Получившуюся в итоге книгу можно было бы
охарактеризовать в терминологии драматурга Бертольда Брехта (1898—1956) как lehrstücke, «учебную пьесу». Это своего рода
экспериментальное, учебное произведение, в котором актеры принимают на себя
роли, входят в состояния и демонстрируют поведение, выходящее за рамки
привычного разграничения сцены и зрителя, идеи, образа, события и реальности,
факта и вымысла. Брехт провозгласил, что реализм должен не механически
воспроизводить действительность, а показывать ее такой, какой она должна быть.
Этот принцип вполне можно отнести к библейским притчам. Притча о добром
самарянине куда больше рассказывает нам о реальности и о человеческом идеале,
чем могло бы рассказать журналистское сообщение о разбойном нападении,
произошедшем на дороге в Иерихон.
В книге Гурджиева автор становится и
главным действующим лицом, и повествователем, а фрагменты его жизненного опыта,
фантазий, мыслей и вычитанных идей — а также то, как он интерпретирует фантазии
и ожидания своих читателей, — оживают в лице персонажей и начинают играть свои
роли. Гурджиев вторит им на протяжении всей книги. Как мы узнаем позднее, такой
метод повествования был почерпнут им из детства. Отец Гурджиева был ашугом
— сказителем-бардом, развлекавшим жителей Закавказья исполнением древних
легенд. Благодаря ашугам, владевшим мастерством пения и стихосложения,
виртуозам искусства «театра одного актера», оживали древние легенды и народные
сказания; вековая мудрость представала перед зрителем в хитросплетениях
импровизированных ритмов и мелодий. Иван Иванович (кажется, так звали отца
Гурджиева), как и ставший впоследствии известным его сын, никогда не испытывал
недостатка в зрителях; он умел увлечь аудиторию. Магия слова и
музыки служили здесь и целью, и средством: сказитель старался дотянуться до
самых потаенных уголков души зрителя, будил его доселе дремавшее воображение,
как индивидуальное, так и коллективное; добивался, чтобы оно стало и
установкой, и обстановкой для оживших сказаний, которые ашуг черпал из
архетипических образов, порожденных тысячелетиями копившегося человеческого
опыта. Очевидно, что Гурджиева привлекали актеры, танцоры, музыканты,
художники, антрепренеры и сказители — все те, кто тонко чувствует силу символа
и знает способы его зашифровки в искусственно созданной среде. Актеры на лету
схватывают дух гурджиевских произведений, в то время как умы более прозаичные,
порой более тревожные, — а именно такие составляли большинство учеников и
последователей Гурджиева, — бесплодно, порой годами, бьются над его загадками.

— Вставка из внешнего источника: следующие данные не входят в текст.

(* Let $T:[a,b]\times[c,d]\to\mathbb{R}$ be the function constructed from a generating function $\phi$ as described in the context. If there is $y_0\in[c,d]$ such that $x\mapsto\phi(x,y_0)$ is non-constant on $[a_0,a_1]$, then $T$ is not of bounded variation in the sense of Arzelà on $[a,b]\times[c,d]$.
   Context: Let $a<b$, $c<d$. Set $a_0=a$ and $a_n=a+(b-a)(\tfrac12+\tfrac14+\dots+\tfrac1{2^n})$ for $n\in\mathbb{N}$, so $a_n\uparrow b$. Let $\phi:[a_0,a_1]\times[c,d]\to\mathbb{R}$ be continuous with $\phi(a_0,y)=\phi(a_1,y)$ for all $y\in[c,d]$ (the generating function). For $n\ge1$ let $\psi_n:[a_{n-1},a_n]\to[a_0,a_1]$ be the increasing affine bijection $\psi_n(x)=\frac{2^n[(a_1-a_0)x+a_0a_n-a_1a_{n-1}]}{b-a}$. Let $F_1=\phi$ on $[a_0,a_1]\times[c,d]$ and for $n\ge2$, $F_n(x,y)=\frac1n\phi(\psi_n(x),y)+\frac{n-1}{n}\phi(a_0,y)$ for $(x,y)\in[a_{n-1},a_n]\times[c,d]$. Define $T_n(x,y)=F_k(x,y)$ for $(x,y)\in[a_{k-1},a_k]\times[c,d]$, $k=1,\dots,n$, and $T_n(x,y)=F_n(a_n,y)$ for $(x,y)\in[a_n,b]\times[c,d]$; and $T(x,y)=\lim_{n\to\infty}T_n(x,y)$. A function $f:[a,b]\times[c,d]\to\mathbb{R}$ is of bounded variation in the sense of Arzelà if there is $K$ such that for all $m$ and all $a=x_0\le\dots\le x_m=b$, $c=y_0\le\dots\le y_m=d$, $\sum_{i=0}^{m-1}|f(x_{i+1},y_{i+1})-f(x_i,y_i)|\le K$. *)

From Stdlib Require Import Reals Lra.
From Coquelicot Require Import Coquelicot.
Open Scope R_scope.

Fixpoint rsum (g : nat -> R) (m : nat) : R :=
  match m with O => 0 | S k => rsum g k + g k end.

Definition geo (n : nat) : R := rsum (fun k => / 2 ^ (S k)) n.

Definition seq_a (a b : R) (n : nat) : R := a + (b - a) * geo n.

Definition psi (a b : R) (n : nat) (x : R) : R :=
  2 ^ n * ((seq_a a b 1 - seq_a a b 0) * x
           + seq_a a b 0 * seq_a a b n - seq_a a b 1 * seq_a a b (pred n)) / (b - a).
(* chord of U at i strictly contains chord of U at j *)
Definition contains (w : seq bool) (i j : nat) : bool :=
  [&& isU w i, isU w j, i < j &
      [exists ci : 'I_(size w), exists cj : 'I_(size w),
         [&& closes w i ci, closes w j cj & cj < ci]]].

(* edge of chord j hangs directly below the edge of chord i:
   i is the innermost chord strictly containing j *)
Definition parent (w : seq bool) (i j : nat) : bool :=
  contains w i j &&
  ~~ [exists k : 'I_(size w), contains w i k && contains w k j].

Definition leaf (w : seq bool) (i : nat) : bool := isU w i && closes w i i.+1.

(* capacity w.r.t. lambda_0 = all-U word of the same length:
   number of D's of w strictly left of position i *)
Definition capacity (w : seq bool) (i : nat) : nat := nD (take i w).

(* Edges (chords) are indexed by
   the positions i : 'I_(size w) of their U's; g is required to be 0 on non-U
   positions so that labellings of the edges correspond bijectively to such g. *)
Definition LS_labelling (w : seq bool) (g : 'I_(size w) -> nat) : bool :=
  [&& [forall i : 'I_(size w), ~~ isU w i ==> (g i == 0)],
      [forall i : 'I_(size w), forall j : 'I_(size w), parent w i j ==> (g i <= g j)] &
      [forall i : 'I_(size w), leaf w i ==> (g i <= capacity w i)]].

Такие люди воспринимают манеру Гурджиева сгущать краски чересчур серьезно,
вечно воспринимая «Черного Дьявола» чересчур буквально, возможно — чересчур
почтительно.
Науку Гурджиев воспринимал как
средневековый маг, а не как современный ученый. Он едва скрывал свое презрение
к тому, что сегодня называют, подумать только, высшим образованием! Лично у
меня сложилось впечатление, что Гурджиев так вскидывался, едва речь заходила об
университетском образовании, потому что сам диплома так и не получил. В
результате в его работах то и дело встречаются страстные нападки на тех, кого
он называл «умниками», — довольно обидное слово, появляющееся как в его книгах,
так и в устных выступлениях с поразительной, порой утомительной настойчивостью.
Последователи подхватили и распространили это выражение, чтобы с высот
самопровозглашенного образования уничтожать им критиков. Под «умниками»
Гурджиев подразумевает тех самовлюбленных всезнаек, которые умеют заговорить
зубы кому угодно, но почти лишены как здравого смысла, так и каких-либо
практических навыков. Они прибегают к софизмам и витиеватым выражениям с единственной
целью произвести впечатление на легковерного собеседника и завоевать себе
фальшивый авторитет. Отсутствие глубоких знаний такие люди скрывают
высказыванием истин, которые суть не более чем очевидные выводы из фактов.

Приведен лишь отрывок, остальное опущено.